下楼之后,他看见正在客厅里面焦躁的来回走动的保镖。
“久久呢?”
抛橄榄枝
“季先生,我们一直没有等到安小姐出来,刚才去调了监控才发现,她在五点多钟的时候,跟着买菜的佣人一块混出别墅了,这会不知道究竟去了哪里。”
季锦辰狠狠捏着拳头,一双黑眸中似乎要喷出怒火。
她还能去哪里?
肯定是一个人跑去了墓地。
“马上带人跟我去墓地。

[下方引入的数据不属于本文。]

Lemma Re_gauss_kernel_int0 : 1 / 2 <= Re (gauss_kernel_int 0).
Proof.
  unfold gauss_kernel_int; rewrite RInt_C_components by apply ex_RInt_gauss_kernel.
  change (1 / 2 <= RInt (fun t => Re (gauss_kernel 0 t)) 0 1).
  rewrite (RInt_ext _ (fun t => / (1 + t ^ 2))) by (intros t _; rewrite gauss_kernel_0; reflexivity).
  replace (1 / 2) with (RInt (fun _ => 1 / 2) 0 1)
    by (rewrite RInt_const; unfold scal; simpl; unfold mult; simpl; field).
  apply RInt_le; [lra | apply ex_RInt_const | |].
  - apply (ex_RInt_continuous (V := R_CompleteNormedModule)); intros t _.
    apply (ex_derive_continuous (V := R_NormedModule)); auto_derive.
    pose proof (one_plus_sq_pos t); lra.
  - intros t Ht; pose proof (one_plus_sq_pos t).
    apply (Rmult_le_reg_r (2 * (1 + t ^ 2))); [lra |].
    field_simplify; [nra | lra].
Qed.

Hypothesis Re_c_neg : Re c < 0.

Lemma gauss_int_tail (u v : R) :
  0 < u <= v -> Cmod (gauss_int v - gauss_int u) <= / (- Re c * u).
Proof.
  intros Huv.
  assert (Hint : is_RInt gauss u v (minus (gauss_int v) (gauss_int u))).
  { apply (is_RInt_derive (V := C_R_CompleteNormedModule)); intros t _;
      [apply is_derive_gauss_int | apply continuous_gauss]. }
  assert (Hmaj : is_RInt (fun t => t / u * exp (Re c * t ^ 2 / 2)) u v
                   (minus (exp (Re c * v ^ 2 / 2) / (Re c * u)) (exp (Re c * u ^ 2 / 2) / (Re c * u)))).
  { apply (is_RInt_derive (fun t => exp (Re c * t ^ 2 / 2) / (Re c * u))); intros t _.
    - auto_derive; [easy |].
      replace (Re c * (t * (t * 1)) * / 2) with (Re c * t ^ 2 / 2) by field.
      field; lra.
    - apply (ex_derive_continuous (V := R_NormedModule)); auto_derive; lra. }
  assert (Hdom : forall t, u <= t <= v -> Cmod (gauss t) <= t / u * exp (Re c * t ^ 2 / 2)).
  { intros t Ht; rewrite Cmod_gauss.
    pose proof (exp_pos (Re c * t ^ 2 / 2)).
    assert (1 <= t / u) by (apply (Rmult_le_reg_r u); [lra | field_simplify; lra]).
    nra. }
  pose proof (Cmod_RInt_le _ _ u v _ _ (proj2 Huv) Hdom Hint Hmaj) as H.
  eapply Rle_trans; [exact H |].
  assert (Hu : exp (Re c * u ^ 2 / 2) <= 1).
  { rewrite <- exp_0; apply exp_le_compat.
    pose proof (pow2_ge_0 u); nra. }
  pose proof (exp_pos (Re c * v ^ 2 / 2)).
  assert (0 < - Re c * u) by nra.
  set (eu := exp (Re c * u ^ 2 / 2)) in *; set (ev := exp (Re c * v ^ 2 / 2)) in *.
  change (ev / (Re c * u) - eu / (Re c * u) <= / (- Re c * u)).
  replace (ev / (Re c * u) - eu / (Re c * u)) with ((eu - ev) * / (- Re c * u)) by (field; lra).
  rewrite <- (Rmult_1_l (/ (- Re c * u))) at 2.
  apply Rmult_le_compat_r; [apply Rlt_le, Rinv_0_lt_compat |]; lra.
Qed.

Lemma gauss_int_cvg : exists L : C, filterlim gauss_int (Rbar_locally p_infty) (locally L).
Proof.
  apply (filterlim_locally_cauchy (U := C_R_CompleteNormedModule)); intros eps.
  set (M := Rmax 0 (/ (- Re c * eps))).
  assert (Hclose : forall u v, M < u -> u <= v -> ball (gauss_int u) eps (gauss_int v)).
  { intros u v Hu Huv.
    assert (HM : / (- Re c * eps) < u) by (eapply Rle_lt_trans; [apply Rmax_r | exact Hu]).
    assert (Hu0 : 0 < u) by (eapply Rle_lt_trans; [apply Rmax_l | exact Hu]).
    pose proof (cond_pos eps).
    apply (norm_compat1 (V := C_R_NormedModule)); rewrite <- Cmod_norm.
    eapply Rle_lt_trans; [apply gauss_int_tail; lra |].
    assert (Hscale : 1 < - Re c * eps * u).
    { apply (Rmult_lt_compat_l (- Re c * eps)) in HM; [| nra].
      rewrite Rinv_r in HM; nra. }
    apply (Rmult_lt_reg_r (- Re c * u)); [nra |].
    rewrite Rinv_l; nra. }
  exists (fun x => M < x); split; [now exists M |].
  intros u v Hu Hv; destruct (Rle_lt_dec u v).
  - now apply Hclose.
  - apply ball_sym, Hclose; lra.
Qed.

Lemma Cmod_gauss_kernel_int_le (x : R) : Cmod (gauss_kernel_int x) <= exp (Re c * x ^ 2 / 2).
Proof.
  apply (Cmod_RInt_le (gauss_kernel x) (fun _ => exp (Re c * x ^ 2 / 2)) 0 1); [lra | | |].
  - intros t _; unfold gauss_kernel.
    pose proof (one_plus_sq_pos t) as Ht.
    rewrite Cmod_div, Cmod_Cexp, re_scal_r, Cmod_R, Rabs_pos_eq by (lra || apply RtoC_one_plus_sq_neq0).
    apply (Rmult_le_reg_r (1 + t ^ 2)); [exact Ht |].
    unfold Rdiv at 1; rewrite Rmult_assoc, Rinv_l, Rmult_1_r by lra.
    assert (Hle : exp (Re c * (x ^ 2 * (1 + t ^ 2) / 2)) <= exp (Re c * x ^ 2 / 2)).
    { apply exp_le_compat.
      pose proof (pow2_ge_0 x); pose proof (pow2_ge_0 t).
      assert (0 <= x ^ 2 * t ^ 2) by nra; nra. }
    pose proof (exp_pos (Re c * x ^ 2 / 2)); pose proof (pow2_ge_0 t); nra.
  - apply (RInt_correct (V := C_R_CompleteNormedModule)), ex_RInt_gauss_kernel.
  - pose proof (is_RInt_const (V := R_NormedModule) 0 1 (exp (Re c * x ^ 2 / 2))) as H.
    change (scal (1 - 0) ?e) with ((1 - 0) * e) in H.
    rewrite Rminus_0_r, Rmult_1_l in H; exact H.
Qed.

Lemma gauss_kernel_int_cvg0 : filterlim gauss_kernel_int (Rbar_locally p_infty) (locally (RtoC 0)).
Proof.
  apply (filterlim_Cmod_le _ (fun x => 2 / - Re c / x)); [| apply is_lim_div_p_infty].
  exists 1; intros x Hx.
  replace (gauss_kernel_int x - RtoC 0)%C with (gauss_kernel_int x) by ring.
  eapply Rle_trans; [apply Cmod_gauss_kernel_int_le |].
  eapply Rle_trans; [| apply mul_exp_sq_le; lra].
  pose proof (exp_pos (Re c * x ^ 2 / 2)); nra.
Qed.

”已经来不及多想,季锦辰立马出门。
墓地。
周致从容不迫的站在安久久面前,几乎是她问什么便回答什么。
“如果我不用这样的方式,怎么会有我们俩单独相处的机会呢?”
“你跟我母亲,究竟是什么关系?”一直以来都困惑在自己心头的疑惑问出口,安久久竟然还有种如释重负的感觉。
而周致这一次却笑笑没回答。
“你之前说她的去世是被人设计陷害,而你正是为了帮她讨回公道而出现,那么你究竟是什么人?”在安久久的印象当中,小时候并未见过周致。
“我的身份,对于你来说很重要吗?”
“当然。”
安久久的目光紧盯着周致,此刻站在面前的人,便是最后一个疑团了。
等到她弄清楚了周致的身份,或许也可以找到安瑶了。
周致走到苏黎的墓碑前,伸手摸了摸冰凉的石碑,神情中夹杂着些许哀伤。
“她救过我的命,现在我也一定会报答她的。”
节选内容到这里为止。